I got it on the Xbox and love it! I played the original far cry when it was out but never played the 2nd one.

It's so much fun going stealthy and throwing rocks to get the attention of the bad guys then taking them out with a head shot from my recurve bow lol!

Clarke


----------



## dcj (Apr 17, 2009)

Nipped to a mates yesterday who had it on and he said it was the best game hes played on X-Box,(and hes played a lot) but not sure if its a game I could get into,a bit too much non action just walking around for me.


----------



## ClarkeG (Jun 17, 2006)

dcj said:


> Nipped to a mates yesterday who had it on and he said it was the best game hes played on X-Box,(and hes played a lot) but not sure if its a game I could get into,a bit too much non action just walking around for me.


I don't find it quiet at all, between missions and town areas, etc you regularly come across pirates blocking the roads and have to take them out. There is a lot of action in it.


----------



## dcj (Apr 17, 2009)

ClarkeG said:


> I don't find it quiet at all, between missions and town areas, etc you regularly come across pirates blocking the roads and have to take them out. There is a lot of action in it.


Probably just the 10 minutes I saw (where all he did was shoot a komodo)and jumped to conclusions,I,ll wait til hes finished it and have a go myself.


----------



## rtjc (Apr 19, 2009)

Looks & sounds pretty good. Might buy this once the Christmas spending and such is out of the way. I quite like the sound of it being a world you can roam about in


----------



## stevie_m (Apr 10, 2010)

Getting some really good write ups


----------



## Certi (May 5, 2011)

Awesome game, definitely my game of the year.


----------



## Jack (May 14, 2007)

I played the second one and thought it was very repetitive. Also hated the fact that you couldn't do free roaming once the game was complete. Hope this one is better.


----------



## ClarkeG (Jun 17, 2006)

Certi said:


> Awesome game, definitely my game of the year.


Totally agree, loved it, finished the main story but lots of side line missions to do still.



Jack said:


> I played the second one and thought it was very repetitive. Also hated the fact that you couldn't do free roaming once the game was complete. Hope this one is better.

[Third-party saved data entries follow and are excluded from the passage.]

(* Let $k$ be a real constant and, on the region $x^2-y^2>0$, let $V(x,y)=k(x^2-y^2)^{-2/3}$. With $L=x\dot y-y\dot x$, the function $$J=(\dot y^2-\dot x^2)L+4V(x,y)\,(y\dot x+x\dot y)$$ is a first integral of $\ddot x=-V_{,x}$, $\ddot y=-V_{,y}$.
   Context: A first integral is a function of $(t,x,y,\dot x,\dot y)$ whose total time derivative vanishes along every solution of the given equations of motion. *)

From Stdlib Require Import Reals.
From Coquelicot Require Import Coquelicot.
Open Scope R_scope.

(* Potential V(x,y) = k (x^2 - y^2)^(-2/3), meaningful on x^2 - y^2 > 0
   (Rpower a b = exp (b * ln a), the real power for a > 0). *)
Definition V (k x y : R) : R := k * Rpower (x ^ 2 - y ^ 2) (- (2 / 3)).

Definition Lmom (x y vx vy : R) : R := x * vy - y * vx.

Definition J (k x y vx vy : R) : R :=
  (vy ^ 2 - vx ^ 2) * Lmom x y vx vy + 4 * V k x y * (y * vx + x * vy).

(** The potential depends on (x, y) only through S = x^2 - y^2 and is
    homogeneous in S of degree -2/3, so W := dV/dS = -(2/3) V / S.  The force
    is then (xddot, yddot) = (-2 x W, 2 y W), and along a trajectory
    dV/dt = 2 W (x xdot - y ydot).  Substituting into dJ/dt and replacing V by
    -(3/2) S W, every term becomes W times a polynomial in x, y, xdot, ydot,
    and that polynomial cancels. *)

From Stdlib Require Import Reals Lra.
From Coquelicot Require Import Coquelicot.
Open Scope R_scope.

Lemma is_derive_Rpower_comp (e t df : R) (f : R -> R) :
  0 < f t -> is_derive f t df ->
  is_derive (fun s => Rpower (f s) e) t (e * Rpower (f t) e / f t * df).
Proof.
  intros Hpos Hf.
  replace (e * Rpower (f t) e / f t * df) with (df * (e * Rpower (f t) (e - 1))).
  - apply (is_derive_comp (fun u => Rpower u e) f); [|exact Hf].
    apply is_derive_Reals, derivable_pt_lim_power, Hpos.
  - unfold Rminus; rewrite Rpower_plus, Rpower_Ropp, Rpower_1 by exact Hpos.
    field; lra.
Qed.

Definition dV_dS (k x y : R) : R := - (2 / 3) * V k x y / (x ^ 2 - y ^ 2).

Lemma is_derive_V_comp (k t df dg : R) (f g : R -> R) :
  0 < f t ^ 2 - g t ^ 2 -> is_derive f t df -> is_derive g t dg ->
  is_derive (fun s => V k (f s) (g s)) t
    (2 * dV_dS k (f t) (g t) * (f t * df - g t * dg)).
Proof.
  intros HS Hf Hg.
  assert (HdS : is_derive (fun s => f s ^ 2 - g s ^ 2) t (2 * (f t * df - g t * dg))).
  { auto_derive.
    - split; [exists df; exact Hf | split; [exists dg; exact Hg | exact I]].
    - rewrite (is_derive_unique (fun s : R => f s) _ _ Hf),
              (is_derive_unique (fun s : R => g s) _ _ Hg).
      ring. }
  replace (2 * dV_dS k (f t) (g t) * (f t * df - g t * dg))
    with (k * (- (2 / 3) * Rpower (f t ^ 2 - g t ^ 2) (- (2 / 3)) / (f t ^ 2 - g t ^ 2)
               * (2 * (f t * df - g t * dg)))).
  - apply is_derive_scal, (is_derive_Rpower_comp _ _ _ (fun s => f s ^ 2 - g s ^ 2));
      assumption.
  - unfold dV_dS, V; field; lra.
Qed.

Lemma Derive_V_x (k x y : R) :
  0 < x ^ 2 - y ^ 2 -> Derive (fun u => V k u y) x = 2 * dV_dS k x y * x.
Proof.
  intros HS; apply is_derive_unique.
  replace (2 * dV_dS k x y * x) with (2 * dV_dS k x y * (x * 1 - y * 0)) by ring.
  apply (is_derive_V_comp k x 1 0 (fun u => u) (fun _ => y)).
  - exact HS.
  - apply (@is_derive_id R_AbsRing).
  - apply (is_derive_const y).
Qed.

Lemma Derive_V_y (k x y : R) :
  0 < x ^ 2 - y ^ 2 -> Derive (fun w => V k x w) y = - (2 * dV_dS k x y * y).
Proof.
  intros HS; apply is_derive_unique.
  replace (- (2 * dV_dS k x y * y)) with (2 * dV_dS k x y * (x * 0 - y * 1)) by ring.
  apply (is_derive_V_comp k y 0 1 (fun _ => x) (fun w => w)).
  - exact HS.
  - apply (is_derive_const x).
  - apply (@is_derive_id R_AbsRing).
Qed.

Lemma is_derive_J_comp (k t ax ay dV : R) (x y vx vy : R -> R) :
  is_derive x t (vx t) -> is_derive y t (vy t) ->
  is_derive vx t ax -> is_derive vy t ay ->
  is_derive (fun s => V k (x s) (y s)) t dV ->
  is_derive (fun s => J k (x s) (y s) (vx s) (vy s)) t
    (2 * (vy t * ay - vx t * ax) * Lmom (x t) (y t) (vx t) (vy t)
     + (vy t ^ 2 - vx t ^ 2) * (x t * ay - y t * ax)
     + 4 * dV * (y t * vx t + x t * vy t)
     + 4 * V k (x t) (y t) * (2 * vx t * vy t + y t * ax + x t * ay)).
Proof.
  intros Hx Hy Hvx Hvy HV.
  set (Vx := fun s => V k (x s) (y s)) in HV.
  change (is_derive (fun s => (vy s ^ 2 - vx s ^ 2) * (x s * vy s - y s * vx s)
                              + 4 * Vx s * (y s * vx s + x s * vy s)) t
    (2 * (vy t * ay - vx t * ax) * Lmom (x t) (y t) (vx t) (vy t)
     + (vy t ^ 2 - vx t ^ 2) * (x t * ay - y t * ax)
     + 4 * dV * (y t * vx t + x t * vy t)
     + 4 * Vx t * (2 * vx t * vy t + y t * ax + x t * ay))).
  auto_derive.
  - repeat split; eexists; eassumption.
  - rewrite (is_derive_unique (fun s : R => x s) _ _ Hx),
            (is_derive_unique (fun s : R => y s) _ _ Hy),
            (is_derive_unique (fun s : R => vx s) _ _ Hvx),
            (is_derive_unique (fun s : R => vy s) _ _ Hvy),
            (is_derive_unique (fun s : R => Vx s) _ _ HV).
    unfold Lmom; ring.
Qed.

Lemma J_rate_cancels (x y vx vy v w : R) :
  3 * (x ^ 2 - y ^ 2) * w = - 2 * v ->
  2 * (vy * (2 * w * y) - vx * (- (2 * w * x))) * Lmom x y vx vy
  + (vy ^ 2 - vx ^ 2) * (x * (2 * w * y) - y * (- (2 * w * x)))
  + 4 * (2 * w * (x * vx - y * vy)) * (y * vx + x * vy)
  + 4 * v * (2 * vx * vy + y * (- (2 * w * x)) + x * (2 * w * y)) = 0.
Proof.
  intros Hv.
  replace (4 * v) with (- 2 * (- 2 * v)) by ring.
  rewrite <- Hv; unfold Lmom; ring.
Qed.

Theorem mainTheorem5 (k a b : R) (x y vx vy : R -> R) :
  (forall t, a < t < b ->
     0 < x t ^ 2 - y t ^ 2 /\
     is_derive x t (vx t) /\
     is_derive y t (vy t) /\
     is_derive vx t (- Derive (fun u => V k u (y t)) (x t)) /\
     is_derive vy t (- Derive (fun w => V k (x t) w) (y t))) ->
  forall t, a < t < b ->
    is_derive (fun s => J k (x s) (y s) (vx s) (vy s)) t 0.
Proof.
  intros Hsol t Ht.
  destruct (Hsol t Ht) as (HS & Hx & Hy & Hvx & Hvy).
  rewrite Derive_V_x in Hvx by exact HS.
  rewrite Derive_V_y, Ropp_involutive in Hvy by exact HS.
  set (W := dV_dS k (x t) (y t)) in *.
  rewrite <- (J_rate_cancels (x t) (y t) (vx t) (vy t) (V k (x t) (y t)) W).
  - apply is_derive_J_comp; [exact Hx | exact Hy | exact Hvx | exact Hvy |].
    apply is_derive_V_comp; assumption.
  - unfold W, dV_dS; field; lra.
Qed.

You can with this one as I have completed the main story but there are wee side line missions not related to the main story and you can still do them.


----------



## Certi (May 5, 2011)

The side missions and collectibles are worth doing just for the special guns you unlock. The 'bull' shotgun is a beast!


----------



## JMorty (Apr 25, 2011)

Great game, totally hooked on it now. I love the way the character progresses through the game and the skills!!! Makes the game really rich! Anyone want to play online?


----------



## Dizzle77 (Mar 27, 2010)

Bought the game when it came out, but only had a chance to play it properly a couple of days ago. Really enjoying it.

Not tried the online yet, but my PSN name is Normangah


----------



## Glennroy (Jul 12, 2006)

I got it for x mas probably one of the best fps i have played its like a mix up of red dead redemption and dead island


----------



## T.D.K (Mar 16, 2011)

Best game I've played in a while, I've sunk a good 8 hours in it and still find it really fresh and good fun. Story keeps you interested and combat controls are really tight.

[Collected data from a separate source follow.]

(* Let $R$ be a ring with identity and an involution $*$, and let $a\in R$. Then: (i) $a$ is left $(a^*,1)$-invertible if and only if $a$ has a $\{1,4\}$-inverse; (ii) $a$ is right $(1,a^* )$-invertible if and only if $a$ has a $\{1,3\}$-inverse; (iii) $a$ is Moore–Penrose invertible if and only if $a$ is left $(a^*,1)$-invertible and right $(1,a^* )$-invertible.
   Context: An involution is a map $*:R\to R$ with $(x^* )^*=x$, $(xy)^*=y^*x^*$, $(x+y)^*=x^*+y^*$. For $x\in R$: $xR=\{xr:r\in R\}$, $Rx=\{rx:r\in R\}$. For $a,b,c\in R$, $a$ is left $(b,c)$-invertible if there is $y$ with $Ry\subseteq Rc$ and $yab=b$; right $(b,c)$-invertible if there is $y$ with $yR\subseteq bR$ and $cay=c$. A $\{1,3\}$-inverse of $a$ is $y$ with $aya=a$ and $(ay)^*=ay$; a $\{1,4\}$-inverse is $y$ with $aya=a$ and $(ya)^*=ya$; $a$ is Moore–Penrose invertible if there is $y$ with $aya=a$, $yay=y$, $(ay)^*=ay$, $(ya)^*=ya$. *)

From mathcomp Require Import all_boot all_algebra.
Set Implicit Arguments. Unset Strict Implicit. Unset Printing Implicit Defensive.
Import GRing.Theory.
Local Open Scope ring_scope.

Definition involution (R : pzRingType) (inv : R -> R) : Prop :=
  (forall x, inv (inv x) = x) /\
  (forall x y, inv (x * y) = inv y * inv x) /\
  (forall x y, inv (x + y) = inv x + inv y).

(* Principal one-sided ideal inclusions: Rx <= Ry and xR <= yR. *)
Definition lsub (R : pzRingType) (x y : R) : Prop :=
  forall r : R, exists s : R, r * x = s * y.
Definition rsub (R : pzRingType) (x y : R) : Prop :=
  forall r : R, exists s : R, x * r = y * s.

Definition left_bc_invertible (R : pzRingType) (a b c : R) : Prop :=
  exists y : R, lsub y c /\ y * a * b = b.
Definition right_bc_invertible (R : pzRingType) (a b c : R) : Prop :=
  exists y : R, rsub y b /\ c * a * y = c.

Definition inverse13 (R : pzRingType) (inv : R -> R) (a y : R) : Prop :=
  a * y * a = a /\ inv (a * y) = a * y.
Definition inverse14 (R : pzRingType) (inv : R -> R) (a y : R) : Prop :=
  a * y * a = a /\ inv (y * a) = y * a.
Definition MP_invertible (R : pzRingType) (inv : R -> R) (a : R) : Prop :=
  exists y : R, a * y * a = a /\ y * a * y = y /\
    inv (a * y) = a * y /\ inv (y * a) = y * a.

(** A left (a^*,1)-inverse y, i.e. y a a^* = a^*, is itself a {1,4}-inverse:
    applying the involution gives a a^* y^* = a, whence y a = y a a^* y^* is
    self-adjoint and a y a = a a^* y^* = a; conversely a {1,4}-inverse y satisfies
    y a a^* = (a y a)^* = a^*.  The right-handed statement is the mirror image.
    Given a {1,4}-inverse y and a {1,3}-inverse z, the element y a z is the
    Moore–Penrose inverse, since a (y a z) = a z and (y a z) a = y a. *)

From mathcomp Require Import all_boot all_algebra.
Local Open Scope ring_scope.
Import GRing.Theory.
Set Implicit Arguments. Unset Strict Implicit.

Section StarRing.

Variables (R : pzRingType) (inv : R -> R).
Hypothesis invK : forall x, inv (inv x) = x.
Hypothesis invM : forall x y, inv (x * y) = inv y * inv x.

Lemma inverse14P (a y : R) : y * a * inv a = inv a <-> inverse14 inv a y.
Proof.
split=> [yaa | [aya sa]].
- have aay : a * inv a * inv y = a by rewrite -[RHS]invK -[in RHS]yaa !invM invK mulrA.
  have sa : inv (y * a) = y * a by rewrite invM -{1}yaa -!mulrA (mulrA a) aay.
  by split=> //; rewrite -mulrA -sa invM mulrA aay.
- by rewrite -{3}aya -(mulrA a) invM sa.
Qed.

Lemma inverse13P (a y : R) : inv a * a * y = inv a <-> inverse13 inv a y.
Proof.
split=> [aay | [aya sa]].
- have yaa : inv y * inv a * a = a by rewrite -[RHS]invK -[in RHS]aay !invM invK mulrA.
  have sa : inv (a * y) = a * y by rewrite invM -{1}aay !mulrA yaa.
  by split=> //; rewrite -sa invM yaa.
- by rewrite -{3}aya invM sa mulrA.
Qed.

Lemma left_star1_invertibleP (a : R) :
  left_bc_invertible a (inv a) 1 <-> exists y, inverse14 inv a y.
Proof.
split=> [[y [_ /inverse14P]] | [y /inverse14P yaa]]; first by exists y.
by exists y; split=> // r; exists (r * y); rewrite mulr1.
Qed.

Lemma right_1star_invertibleP (a : R) :
  right_bc_invertible a 1 (inv a) <-> exists y, inverse13 inv a y.
Proof.
split=> [[y [_ /inverse13P]] | [y /inverse13P aay]]; first by exists y.
by exists y; split=> // r; exists (y * r); rewrite mul1r.
Qed.

Lemma MP_inverse13_14 (a y z : R) :
  inverse14 inv a y -> inverse13 inv a z -> MP_invertible inv a.
Proof.
move=> [aya sya] [aza saz].
have a_yaz : a * (y * a * z) = a * z by rewrite !mulrA aya.
have yaz_a : y * a * z * a = y * a by rewrite -!mulrA (mulrA a) aza.
exists (y * a * z); rewrite a_yaz yaz_a; split=> //; split=> //.
by rewrite -mulrA a_yaz mulrA.
Qed.

End StarRing.

Theorem proposition2p17 (R : pzRingType) (inv : R -> R) (a : R) :
  involution inv ->
  (left_bc_invertible a (inv a) 1 <-> exists y, inverse14 inv a y) /\
  (right_bc_invertible a 1 (inv a) <-> exists y, inverse13 inv a y) /\
  (MP_invertible inv a <->
     left_bc_invertible a (inv a) 1 /\ right_bc_invertible a 1 (inv a)).
Proof.
move=> [invK [invM _]].
have left14 := left_star1_invertibleP invK invM a.
have right13 := right_1star_invertibleP invK invM a.
split=> //; split=> //; split.
- by move=> [y [aya [_ [say sya]]]]; split; [apply/left14 | apply/right13]; exists y.
- move=> [/left14 [y y14] /right13 [z z13]]; exact: MP_inverse13_14 y14 z13.
Qed.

PS3 does seem to struggle to load scenary sometimes and the frame rate drops very occassionally but it's probably pushing the machine to it's limits. Graphics are superb.

Game of the year for me.


----------



## FocusST (Mar 20, 2013)

Really enjoyed this game! Good graphics and gameplay


----------



## LeadFarmer (Feb 23, 2011)

I bought it soon after release, but its still in its plastic wrapper unplayed. I must try and pay it tomorrow.


----------



## Glennroy (Jul 12, 2006)

All finshed now just a couple of tropihes to get for a platinum


----------



## 1900al (Apr 28, 2007)

Only £14.99 now! Bargain. link to Zavvi. :thumb:


----------